(Image: Doug Johnson at The Blue Skunk Blog)

In Hamlet’s BlackBerry: A Practical Philosophy for Building a Good Life in the Digital Age, William Powers quotes Henry David Thoreau who wrote that the man who constantly and desperately keeps going to the post office to check for correspondence from others “has not heard from himself in a long while.”

Sounds like a contemporary proclivity with so many who interrupt their lives to constantly check email, Facebook, Twitter and LinkedIn. “Of the two mental worlds everyone inhabits, the inner and the outer, the latter increasingly rules,” says William Powers. “We’re like so many pinballs bouncing around a world of blinking lights and buzzers. There’s lots of movement and noise, but it doesn’t add up to much.”

“Seems, madam! nay it is; I know not ‘seems.'”

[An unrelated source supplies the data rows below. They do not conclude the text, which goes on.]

Definition convex (A : set V) : Prop :=
  forall x y (l : R), A x -> A y -> 0 <= l -> l <= 1 -> A (l *: x + (1 - l) *: y).
Definition convex_body (G : set V) : Prop :=
  convex G /\ compact G /\ (interior G !=set0).

Definition support_fun (G : set V) (u : V) : R := sup [set dotp y u | y in G].

Definition minkowski_sum (A B : set V) : set V := [set a + b | a in A & b in B].

(* Euclidean distance from a point to a set (+oo for the empty set) and
   Hausdorff distance, valued in the extended reals *)
Definition dist_pt (x : V) (B : set V) : \bar R :=
  ereal_inf [set (enorm (x - b))%:E | b in B].
Definition hausdorff (A B : set V) : \bar R :=
  Order.max (ereal_sup [set dist_pt a B | a in A])
            (ereal_sup [set dist_pt b A | b in B]).

(* Lebesgue (outer) measure on R^n: infimum of the total volume of countable
   covers by closed boxes [a_k, b_k] with a_k <= b_k coordinatewise. *)
Definition box (a b : V) : set V := [set x | forall i, a 0 i <= x 0 i <= b 0 i].
Definition box_vol (a b : V) : R := \prod_(i < n) (b 0 i - a 0 i).
Definition vol (A : set V) : \bar R :=
  ereal_inf [set (\sum_(k <oo) (box_vol (ab k).1 (ab k).2)%:E)%E
            | ab in [set ab : nat -> V * V |
                     (forall k i, (ab k).1 0 i <= (ab k).2 0 i) /\
                     A `<=` \bigcup_k box (ab k).1 (ab k).2]].

Definition cap_set (G : set V) (u : V) (t : R) : set V :=
  [set x | G x /\ support_fun G u - t <= dotp u x].
Definition sect_set (G : set V) (u : V) (t : R) : set V :=
  [set x | G x /\ dotp u x = support_fun G u - t].
End Defs.

(** The cap [C_t] lies within the slab of width [t] below the supporting
hyperplane, while a point of [C_t] close to that hyperplane is at distance
almost [t] from the section [S_t]; this gives (1).  Conversely, fix [x0] in [G]
at depth [m] below the hyperplane: each point [a] of [C_t] is joined to [x0]
by a segment of [G] meeting the hyperplane of [S_t] at distance at most
[t/m |a - x0|] from [a], which gives (2).  For (3), let [g] in [G] and [c] in
[C_t].  If [g] lies in [C_t] too, then [g + c] is twice the midpoint of [g]
and [c], a point of [C_t]; otherwise the segment [[g, c]] crosses the
hyperplane of [S_t] at some [s], and [g + c = (g + c - s) + s] with
[g + c - s] on the same segment.  Hence [G + C_t] is covered by [G + S_t]
and [2 C_t], whose volume is [2^n Vol(C_t)]. *)
From HB Require Import structures.
From mathcomp Require Import all_boot all_order all_algebra.
From mathcomp Require Import all_classical all_reals all_analysis.
From mathcomp Require Import lra ring.
Import Order.TTheory GRing.Theory Num.Theory numFieldNormedType.Exports.
Local Open Scope classical_set_scope.
Local Open Scope ring_scope.

Section Euclid.
Set Implicit Arguments. Unset Strict Implicit.
Variables (R : realType) (n : nat).
Implicit Types (a : R) (x y z u : 'rV[R]_n).

Lemma dotpC x y : dotp x y = dotp y x.
Proof. by apply: eq_bigr => i _; rewrite mulrC. Qed.

Lemma dotpDr x y z : dotp x (y + z) = dotp x y + dotp x z.
Proof. by rewrite /dotp -big_split; apply: eq_bigr => i _; rewrite !mxE mulrDr. Qed.

Lemma dotpZr a x y : dotp x (a *: y) = a * dotp x y.
Proof. by rewrite /dotp mulr_sumr; apply: eq_bigr => i _; rewrite !mxE mulrCA. Qed.

Lemma dotpBr x y z : dotp x (y - z) = dotp x y - dotp x z.
Proof. by rewrite dotpDr -scaleN1r dotpZr mulN1r. Qed.

Lemma dotpBl x y z : dotp (x - y) z = dotp x z - dotp y z.
Proof. by rewrite dotpC dotpBr !(dotpC z). Qed.

Lemma dotpZl a x y : dotp (a *: x) y = a * dotp x y.
Proof. by rewrite dotpC dotpZr dotpC. Qed.

Lemma dotp_ge0 x : 0 <= dotp x x.
Proof. by apply: sumr_ge0 => i _; rewrite -expr2 sqr_ge0. Qed.

Lemma sqr_coord_le_dotp x i : x 0 i ^+ 2 <= dotp x x.
Proof.
rewrite /dotp (bigD1 i) //= expr2 lerDl.
by apply: sumr_ge0 => j _; rewrite -expr2 sqr_ge0.
Qed.

Lemma enorm_ge0 x : 0 <= enorm x.
Proof. exact: sqrtr_ge0. Qed.

Lemma enormZ a x : enorm (a *: x) = `|a| * enorm x.
Proof.
by rewrite /enorm dotpZl dotpZr mulrA -expr2 sqrtrM ?sqrtr_sqr // sqr_ge0.
Qed.

Lemma enorm0 : enorm (0 : 'rV[R]_n) = 0.
Proof. by rewrite -(scale0r (0 : 'rV[R]_n)) enormZ normr0 mul0r. Qed.

Lemma enorm_le_mx_norm x : enorm x <= n%:R * mx_norm x.
Proof.
set M := mx_norm x; have M0 : 0 <= M := normr_ge0 x.
have dotp_le : dotp x x <= (n%:R * M) ^+ 2.
  apply: (@le_trans _ _ (\sum_(i < n) M ^+ 2)).
    apply: ler_sum => i _.
    have xiM : `|x 0 i| <= M.
      by rewrite /M mx_normrE; apply: (le_bigmax _ (fun ij => `|x ij.1 ij.2|) (0, i)).
    by rewrite expr2 (le_trans (ler_norm _)) // normrM ler_pM.
  rewrite big_const_ord iter_addr_0 exprMn -[_ *+ n]mulr_natl ler_wpM2r ?sqr_ge0 //.
  by case: n {x M M0} => [|k]; rewrite ?expr0n // -natrX ler_nat leq_pmulr.
rewrite /enorm -(@ger0_norm _ (n%:R * M)) ?mulr_ge0 // -sqrtr_sqr.
by rewrite ler_sqrt ?sqr_ge0.
Qed.

Lemma compact_mx_norm_bounded (K : set 'rV[R]_n) :
  compact K -> exists M, forall x, K x -> mx_norm x <= M.
Proof.
move=> /compact_bounded[M [_ hM]]; exists (M + 1) => x Kx.
by apply: hM x Kx; rewrite ltrDl.
Qed.

Section UnitVector.
Variable u : 'rV[R]_n.
Hypothesis u1 : enorm u = 1.

Lemma dotp_unit : dotp u u = 1.
Proof. by rewrite -(sqr_sqrtr (dotp_ge0 u)) -/(enorm u) u1 expr1n. Qed.

(* Cauchy-Schwarz, from [0 <= |v - (u.v) u|^2 = |v|^2 - (u.v)^2]. *)
Lemma dotp_unit_le_enorm v : dotp u v <= enorm v.
Proof.
set c := dotp u v; have := dotp_ge0 (v - c *: u).
rewrite !(dotpBl, dotpBr, dotpZl, dotpZr) dotp_unit (dotpC v u) -/c => h0.
have c2 : c ^+ 2 <= dotp v v by rewrite expr2; lra.
by apply: (le_trans (ler_norm c)); rewrite -sqrtr_sqr ler_sqrt ?dotp_ge0.
Qed.

Lemma mx_norm_unit_le1 : mx_norm u <= 1.
Proof.
rewrite mx_normrE; apply: bigmax_le => // -[i j] _ /=.
by rewrite (ord1 i) -sqrtr_sqr -sqrtr1 ler_sqrt // -dotp_unit sqr_coord_le_dotp.
Qed.

End UnitVector.
End Euclid.

Section Volume.
Set Implicit Arguments. Unset Strict Implicit.
Variables (R : realType) (n : nat).
Implicit Types (A B : set 'rV[R]_n).

Local Notation cover_sum ab :=
  (\sum_(k <oo) (box_vol (ab k).1 (ab k).2)%:E)%E.

Lemma box_vol_ge0 (a b : 'rV[R]_n) : (forall i, a 0 i <= b 0 i) -> 0 <= box_vol a b.
Proof. by move=> ab; apply: prodr_ge0 => i _; rewrite subr_ge0. Qed.

Lemma vol_ge0 A : (0 <= vol A)%E.
Proof.
apply: le_ereal_inf_tmp => _ [ab [abP _] <-].
by apply: nneseries_ge0 => k _ _; rewrite lee_fin box_vol_ge0.
Qed.

Lemma vol_neqNy A : vol A != -oo%E.
Proof. by rewrite -ltNye (lt_le_trans ltNy0 (vol_ge0 A)). Qed.

Lemma le_vol A B : A `<=` B -> (vol A <= vol B)%E.
Proof.
move=> AB; apply: ereal_inf_le_tmp => _ [ab [abP coverB] <-].
by exists ab => //; split => //; apply: subset_trans coverB.
Qed.

Lemma vol_scale_le (c : R) A : 0 < c ->
  (vol [set c *: x | x in A] <= (c ^+ n)%:E * vol A)%E.
Proof.
move=> c0; rewrite /vol -ereal_inf_pZl ?exprn_gt0 //.
apply: le_ereal_inf_tmp => _ [_ [ab [abP coverA] <-] <-].
set cab := fun k => (c *: (ab k).1, c *: (ab k).2).
have cabP k i : (cab k).1 0 i <= (cab k).2 0 i by rewrite /= !mxE ler_pM2l // abP.
have cab_vol k : box_vol (cab k).1 (cab k).2 = c ^+ n * box_vol (ab k).1 (ab k).2.
  have -> : c ^+ n = \prod_(i < n) c by rewrite prodr_const card_ord.
  rewrite /box_vol -big_split /=.
  by apply: eq_bigr => i _; rewrite !mxE mulrBr.
have -> : ((c ^+ n)%:E * cover_sum ab)%E = cover_sum cab.
  rewrite -nneseriesZl; last by move=> k _; rewrite lee_fin box_vol_ge0.
  by apply: eq_eseriesr => k _; rewrite cab_vol EFinM.
apply: ereal_inf_lbound; exists cab => //; split => // _ [x /coverA [k _ xk] <-].
by exists k => // i; rewrite /= !mxE !ler_pM2l //; apply: xk.
Qed.

(* Interleave near-optimal covers of [A] and [B]: even indices cover [A],
   odd ones cover [B]. *)
Lemma vol_setU_le A B : (vol (A `|` B) <= vol A + vol B)%E.
Proof.
case EA: (vol A) (vol_ge0 A) => [a| |] // _; last by rewrite addye ?leey // vol_neqNy.
case EB: (vol B) (vol_ge0 B) => [b| |] // _; last by rewrite addey ?leey.
apply/lee_addgt0Pr => e e0.
have /ereal_inf_lt[_ [ca [caP coverA] <-] caS] : (vol A < (a + e / 2)%:E)%E.
  by rewrite EA lte_fin ltrDl divr_gt0.
have /ereal_inf_lt[_ [cb [cbP coverB] <-] cbS] : (vol B < (b + e / 2)%:E)%E.
  by rewrite EB lte_fin ltrDl divr_gt0.
pose c k := if odd k then cb k./2 else ca k./2.
have cP k i : (c k).1 0 i <= (c k).2 0 i by rewrite /c; case: odd.
have c_sum N : (\sum_(0 <= k < N.*2) (box_vol (c k).1 (c k).2)%:E =
    \sum_(0 <= k < N) (box_vol (ca k).1 (ca k).2)%:E +
    \sum_(0 <= k < N) (box_vol (cb k).1 (cb k).2)%:E)%E.
  elim: N => [|N IH]; first by rewrite !big_geq // adde0.
  rewrite doubleS !big_nat_recr //= IH /c /= odd_double /= doubleK uphalf_double.
  by rewrite -addeA addeACA.
have -> : (a%:E + b%:E + e%:E = (a + e / 2)%:E + (b + e / 2)%:E)%E.
  by rewrite -!EFinD; congr _%:E; lra.
apply: le_trans (leeD (ltW caS) (ltW cbS)).
apply: (@le_trans _ _ (cover_sum c)).
  apply: ereal_inf_lbound; exists c => //; split => // x [/coverA|/coverB] [k _ xk].
    by exists k.*2 => //; rewrite /c odd_double doubleK.
  by exists k.*2.+1 => //; rewrite /c /= odd_double uphalf_double.
apply: lime_le; first by apply: is_cvg_nneseries => k _ _; rewrite lee_fin box_vol_ge0.
apply: nearW => N.
apply: (@le_trans _ _ (\sum_(0 <= k < N.*2) (box_vol (c k).1 (c k).2)%:E)%E).
  apply: ereal_nondecreasing_series; last by rewrite -addnn leq_addr.
  by move=> k _ _; rewrite lee_fin box_vol_ge0.
rewrite c_sum; apply: leeD; apply: nneseries_lim_ge => k _ _.
all: by rewrite lee_fin box_vol_ge0.
Qed.

End Volume.

Section CapAndSection.
Set Implicit Arguments. Unset Strict Implicit.
Variables (R : realType) (n : nat).
Implicit Types (G B : set 'rV[R]_n) (x b u : 'rV[R]_n) (t : R).

Lemma dist_pt_le x B b : B b -> (dist_pt x B <= (enorm (x - b))%:E)%E.
Proof. by move=> Bb; apply: ereal_inf_lbound; exists b. Qed.

Lemma sect_subset_cap G u t : sect_set G u t `<=` cap_set G u t.
Proof. by move=> x [Gx ux]; split; rewrite // ux. Qed.

Lemma dist_pt_sect_ge G u t x : enorm u = 1 ->
  ((dotp u x - (support_fun G u - t))%:E <= dist_pt x (sect_set G u t))%E.
Proof.
move=> u1; apply: le_ereal_inf_tmp => _ [s [_ us] <-].
by rewrite lee_fin -us -dotpBr dotp_unit_le_enorm.
Qed.

Lemma minkowski_cap_subset G u t : convex G ->
  minkowski_sum G (cap_set G u t) `<=`
  minkowski_sum G (sect_set G u t) `|` [set 2 *: x | x in cap_set G u t].
Proof.
move=> cvxG _ [g Gg [c [Gc hc] <-]]; set h := support_fun G u - t in hc *.
have [hg|hg] := lerP h (dotp u g).
  right; exists ((1 / 2) *: g + (1 - 1 / 2) *: c).
    split; first by apply: cvxG => //; lra.
    by rewrite dotpDr !dotpZr -/h; lra.
  by apply/rowP => i; rewrite !mxE; field.
left; set d := dotp u c - dotp u g; have d0 : 0 < d by rewrite /d; lra.
set l := (dotp u c - h) / d.
have ld : l * d = dotp u c - h by rewrite /l divfK ?gt_eqF.
have l0 : 0 <= l by apply: divr_ge0; lra.
have l1 : l <= 1 by rewrite /l ler_pdivrMr // mul1r /d; lra.
exists (l *: c + (1 - l) *: g); first exact: cvxG.
exists (l *: g + (1 - l) *: c); last by apply/rowP => i; rewrite !mxE; ring.
split; first exact: cvxG.
by rewrite dotpDr !dotpZr -/h; move: ld; rewrite /d; lra.
Qed.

In her review of the book, Rasha Madkour points to Powers’ economic impact statement:

While recognizing that technology has made tasks like paying bills much easier and faster, Powers disputes the notion that it has made us more efficient. By interrupting our work to check our inboxes throughout the day, we’re actually becoming less productive because of the time it takes to refocus on the task at hand. Powers cites a study that found workers spending more than a quarter of their day managing distractions, adding up to $900 billion in economic loss in 2009.

High cost proclivities indeed.

Powers, interviewed by Bella English in the Boston Globe, tells the story behind the title of his book:

The more I connect digitally, the more I’m drawn to hard copy, so I decided to look at the history of paper and all related technologies. In reading Shakespeare, I stumbled on this moment where Hamlet pulls this thing out of his pocket that he called his tables. It was this fascinating example of a new technology where you wrote on pages (made of specially coated paper) with a stylus and you erased it at night. It was very much a 400-year-old version of what we’re doing today. It came to me that this thing was like his BlackBerry.

Focusing on seven individuals from previous eras, Powers explores how each of them used new inventions to make connecting with others easier. His point is clear: This is not a new problem. A more appropriate question to ask is how does a person live a life and use these tools while maintaining some balance.

Powers points to Benjamin Franklin who had a bit of social networking addiction. “He was constantly out and about, forming these new clubs and groups and associations, and he reached a point early in his life where he was just extended in too many directions, ” says Powers. “So he set up 13 goals he wanted to achieve. For example, he loved conversation, but he said he was going to aim for a little silence, too. It was not a case of withdrawing, but a case of looking for balance.”

Powers’ personal solution for seeking balance? Internet Sabbath. He and his family turn off the modem on Friday night and keep it off until Monday morning. Sounds a bit too fundamentalist for me, but I like the concept. Ten days spent hiking in Canada outside the range of cell or cyber felt pretty damn good.